A revealing look at another war is contained in the eight small volumes of a German soldier’s diary from World War II.  Known to us only as Siemers, the soldier carefully glued into his diary newspaper clippings about the war and wrote down the daily bulletins of the Oberkommando der Wehrmacht (OKW), the German army’s high command.  The clippings, from German newspapers, give us a German view of the war’s progress.  It is startling to open a volume of the diary and see the newspaper headlines in the simplified Gothic type font that was characteristic of the Nazi period.

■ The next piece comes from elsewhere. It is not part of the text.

(* Let $K$ be a Kan complex, $v\in K_0$ a vertex and $n\geq1$. Then the homotopy monoid $\tau_n(\mathrm{th}_0(K),v)$ (with the multiplication defined in the context) is a group, and it coincides, as a group, with the simplicial homotopy group $\pi_n(K,v)$.
   Context: A stratified simplicial set is a pair $(X,tX)$ where $X$ is a simplicial set and $tX$ is a set of simplices of $X$ (thin simplices) containing all degenerate simplices and no $0$-simplices; stratified maps are simplicial maps preserving thin simplices. For a Kan complex $K$, $\mathrm{th}_0(K)$ denotes the stratified simplicial set $(K,\bigcup_{m\ge1}K_m)$ (all simplices of positive dimension thin); it is a weak complicial set. For $n\ge1$, $\Delta[n]_t$ is $\Delta[n]$ with thin simplices the degenerate ones and $\mathrm{Id}_{[n]}$. For $k\in[n]$, $\Delta^k[n]$ is $\Delta[n]$ with thin simplices the degenerate ones and all $\alpha:[m]\to[n]$ with $\{k-1,k,k+1\}\cap[n]\subset\mathrm{Im}(\alpha)$. The product $X\circledast Y$ has underlying simplicial set $X\times Y$, with $(x,y)$ thin iff $x$ and $y$ are thin. For stratified maps $f,g:A\to X$ and an inclusion $B\hookrightarrow A$ with $f|_B=g|_B$, $f\sim_B g$ means there is a stratified map $H:A\circledast\Delta[1]_t\to X$ with $H|_{A\times\{0\}}=f$, $H|_{A\times\{1\}}=g$ and $H|_{B\circledast\Delta[1]_t}=f|_B\circ\mathrm{proj}_B$; $n$-simplices are regarded as stratified maps from $\Delta[n]$ with only degenerate simplices thin. For a weak complicial set $X$, vertex $x$, and $n\ge1$, $\tau_n(X,x)$ is the set of $\sim_{\partial\Delta[n]}$-classes of $n$-simplices $\alpha$ whose restriction to $\partial\Delta[n]$ is constant at $x$, with multiplication $[\alpha][\beta]=[d_n\theta]$ where $\theta:\Delta^n[n+1]\to X$ is any stratified map with $d_{n-1}\theta=\alpha$, $d_{n+1}\theta=\beta$, and $d_i\theta$ constant at $x$ for $i\notin\{n-1,n,n+1\}$; this is a monoid with unit the class of the constant simplex at $x$. *)

From mathcomp Require Import all_boot.
Set Implicit Arguments. Unset Strict Implicit. Unset Printing Implicit Defensive.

On a happier note, the scholar investigating the state of France at the end of the seventeenth century will find a comprehensive overview in the thirty-five beautifully bound volumes prepared from 1697 to 1700 for the instruction of Louis, the Duke of Burgundy (1682-1712).  Louis, the heir to the French throne, needed to be briefed.  Under the direction of the Duke of Beauvilliers, questionnaires concerning every aspect of political, social, and economic life went out from Paris to the administrators of every province of France.  The detailed replies that came back fill these volumes with firsthand data, province by province, on the state of the nation.  There were various copies of this valuable compendium at the time, with slightly differing text.  The text was also later edited and digested and appeared in print throughout the eighteenth century—a testimony to its value as an overview of France on the eve of the Enlightenment.

Historians of music and theater—and people who just like to look at old photographs—will revel in the theater and opera scrapbooks artfully put together by an anonymous collector from 1902 to 1918.  These three large volumes are filled with programs, publicity photographs, newspaper illustrations, and reviews of plays, operas, and vaudeville performed in London before and during the Great War.  Besides the expected programs and publicity stills from performances of Shakespeare, George Bernard Shaw, Verdi, Wagner, and Gilbert and Sullivan, there are many photographs of actors and actresses.  Some of them are now little remembered but were clearly revered at the time: Ellen Terry, Sir Henry Irving, Winifred Emery, Ernest Mainwaring, Gerald Du Maurier, and Annette Kellerman, to name a few.  The effect of these lively scrapbooks is to immerse us in the London theater scene at the dawn of the twentieth century.